Data is the raw material from which models are developed, simulations are composed, and new therapies to reduce the burden of living with type 1 diabetes are developed.

Clinical trials performed at great time and expense, funded by Breakthrough T1D, HCT, and NIH have provided large volumes of granular data which is often stored publicly (www.jaeb.org) or otherwise readily accessible (OPEN Project, OpenAPS, Nightscout Data Commons).

Unfortunately this is often the only data available to researchers and developers seeking to provide innovative solutions for people with type 1 diabetes, putting them at great disadvantage relative to leading medical device companies who together gather more data per day than exists in the entire public domain, ever (approximately 500,000 subject-days).

To add to this, public available data is not stored with consistent methods or formats, resulting in a confusing array of file formats and data descriptors which must be translated at great effort and with high probability of error by each and every researcher or developer hoping to gain insights.

Last Mile Problem

Babelbetes addresses this “last mile” problem by developing a publicly available set of tools to normalize clinical diabetes trial datasets, focusing on continuous glucose monitoring and insulin pump delivery.
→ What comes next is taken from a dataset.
(* Let $k\ge r\ge 3$ and $t\ge0$ be integers and let $\pi\in\mathbb{C}(k,r)$ be a partition whose largest odd part is $2t+1$. Then: (1) if there is a part $2t+2$ with mark $2$ in $GG(\pi)$, then this part is of starting type $s_0$ or $s_2$; (2) if there is a part $2t+4$ with mark $2$ in $GG(\pi)$, then this part is of starting type $s_3$.
   Context: A partition $\pi=(\pi_1,\dots,\pi_\ell)$ is a finite non-increasing sequence of positive integers; ''$a$ occurs in $\pi$'' means $a=\pi_i$ for some $i$. Göllnitz–Gordon marking: $GG(\pi)$ assigns a positive integer (mark) to each part, processing the parts from smallest to largest; $\pi_i$ receives the smallest positive integer different from the marks of all parts $\pi_g$ with $g>i$ and $\pi_i-\pi_g\le 2$, where $\pi_i-\pi_g<2$ is required when $\pi_i$ is odd. An ''$r$-marked part $a$'' is a part equal to $a$ with mark $r$. $N_i(\pi)$ is the number of parts with mark $i$; $\pi^{(i)}_1\ge\dots\ge\pi^{(i)}_{N_i(\pi)}$ are the parts with mark $i$, with $\pi^{(i)}_0=+\infty$. $\mathbb{C}(k,r)$: partitions with (i) no odd part repeated; (ii) $\pi_i\ge\pi_{i+k-1}+2$ for $1\le i\le\ell-k+1$, strict if $\pi_i$ even; (iii) at most $r-1$ parts $\le 2$. Starting types: for $\pi\in\mathbb{C}(k,r)$ with $N_2=N_2(\pi)\ge1$, let $l$ be the largest integer in $\{0,\dots,N_2\}$ such that no odd part of $\pi$ is $\ge\pi^{(2)}_l$; for $l<i\le N_2$, $\pi^{(2)}_i$ has type $s_{-1}$. For $b=1,\dots,l$ in increasing order, type and auxiliary $\sigma_b$: for $b=1$: Case 1: 1-marked part $\pi^{(2)}_1-1$ exists and $\pi^{(2)}_1+2$ does not occur: type $s_0$, $\sigma_1=\pi^{(2)}_1-1$; Case 2: 1-marked $\pi^{(2)}_1-2$ exists and $\pi^{(2)}_1+2$ does not occur: type $s_1$, $\sigma_1=\pi^{(2)}_1-2$; Case 3: 1-marked $\pi^{(2)}_1+2$ exists: type $s_2$, $\sigma_1=\pi^{(2)}_1+2$; Case 4: 1-marked $\pi^{(2)}_1$ exists: type $s_3$, $\sigma_1=\pi^{(2)}_1$. For $2\le b\le l$: Case 1: 1-marked $\pi^{(2)}_b-1$ exists and, if a 1-marked $\pi^{(2)}_b+2$ exists, $\sigma_{b-1}=\pi^{(2)}_b+2$: type $s_0$, $\sigma_b=\pi^{(2)}_b-1$; Case 2: same with $\pi^{(2)}_b-2$: type $s_1$, $\sigma_b=\pi^{(2)}_b-2$; Case 3: 1-marked $\pi^{(2)}_b+2$ exists and $\sigma_{b-1}\ne\pi^{(2)}_b+2$: type $s_2$, $\sigma_b=\pi^{(2)}_b+2$; Case 4: 1-marked $\pi^{(2)}_b$ exists: type $s_3$, $\sigma_b=\pi^{(2)}_b$. *)

From mathcomp Require Import all_boot.
Set Implicit Arguments. Unset Strict Implicit. Unset Printing Implicit Defensive.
Babelbetes also provides recommendations on a normalized data set format to ensure future activities provide shovel-ready data for researchers and developers.

This is the official project documentation

Supported Studies

BabelBetes currently normalizes 9 datasets covering approximately 500,000 subject-days of paired CGM, basal, and bolus data. See the Supported Datasets overview for the full list with sources, versions, and known issues.

How to Contribute

BabelBetes was funded to be freely available, helping researchers and companies save costs and time, and supercharge innovation in diabetes care.

We’re incredibly excited for contributions that will expand its functionality and support even more datasets, making a bigger impact than ever before!

Learn more about how to contribute.

Key Features of the Toolbox

1. Analaysis scripts and documentation: You can learn about the datasets and what challenges came with normalizing tem by consulting the dataset summaries. You might also consult and review the jupyter notebooks that document our analysis.

2. Python modules: You can use the python modules to extract standardized continuous glucose monitor (CGM) and insulin pump data from the supported study datasets. Reuse the helper and drawing functions to work with the data.

Extend the functionality of existing study classes or add new implementations of the StudyDataset base class to support additional study datasets.

3. Recommendations: As guidance for investigators, we've summarized our learnings and challanges in a list of recommendations that we believe would dramatically improve the quality and usability of datasets published in the future.

Data Standardization

The ultimate purpose of this toolbox is to bring CGM, insulin, and demographic data into a common standardized format. We chose to abstract study datasets as objects. Each study class derives from the parent StudyDataset class and overrides methods to extract cgm, bolus, basal, and age data. The StudyDataset base class defines methods to extract all data types in standardized pandas dataframes.

Supported Data Types

Bolus Data - extract_bolus_event_history():

Column Name	Type	Description
`patient_id`	`str`	Patient ID
`datetime`	`pd.Timestamp`	Datetime of the bolus event
`bolus`	`float`	Actual delivered bolus amount in units
`delivery_duration`	`pd.Timedelta`	Duration of the bolus delivery

Basal Data - extract_basal_event_history():

Column Name	Type	Description
`patient_id`	`str`	Patient ID
`datetime`	`pd.Timestamp`	Datetime of the basal rate start event
`basal_rate`	`float`	Basal rate in units per hour

CGM Data - extract_cgm_history():

Column Name	Type	Description
`patient_id`	`str`	Patient ID
`datetime`	`pd.Timestamp`	Datetime of the CGM measurement
`cgm`	`float`	CGM value in mg/dL

Age Data - extract_age_data():

Column Name	Type	Description
`patient_id`	`str`	Patient ID
`age`	`float`	Patient age at study enrollment/start

refer to the Code Reference for more details.

How to use BabelBetes (Quickstart)

Here, we explain how to install the toolbox and how to use the run_functions.py script that batch processes all studies and extracts the standardized data.

Setup Python

Make sure you have python version > 3.X installed.
We recommend using a python virtual environment (see using vitual environments)

Installation

Installation via `pip install`

This repository can be used as a dependency in other projects with pip. Install by running:

pip install babelbetes

Example usage:

from babelbetes.studies import Flair
import os

current_dir = os.path.dirname(os.path.abspath(__file__))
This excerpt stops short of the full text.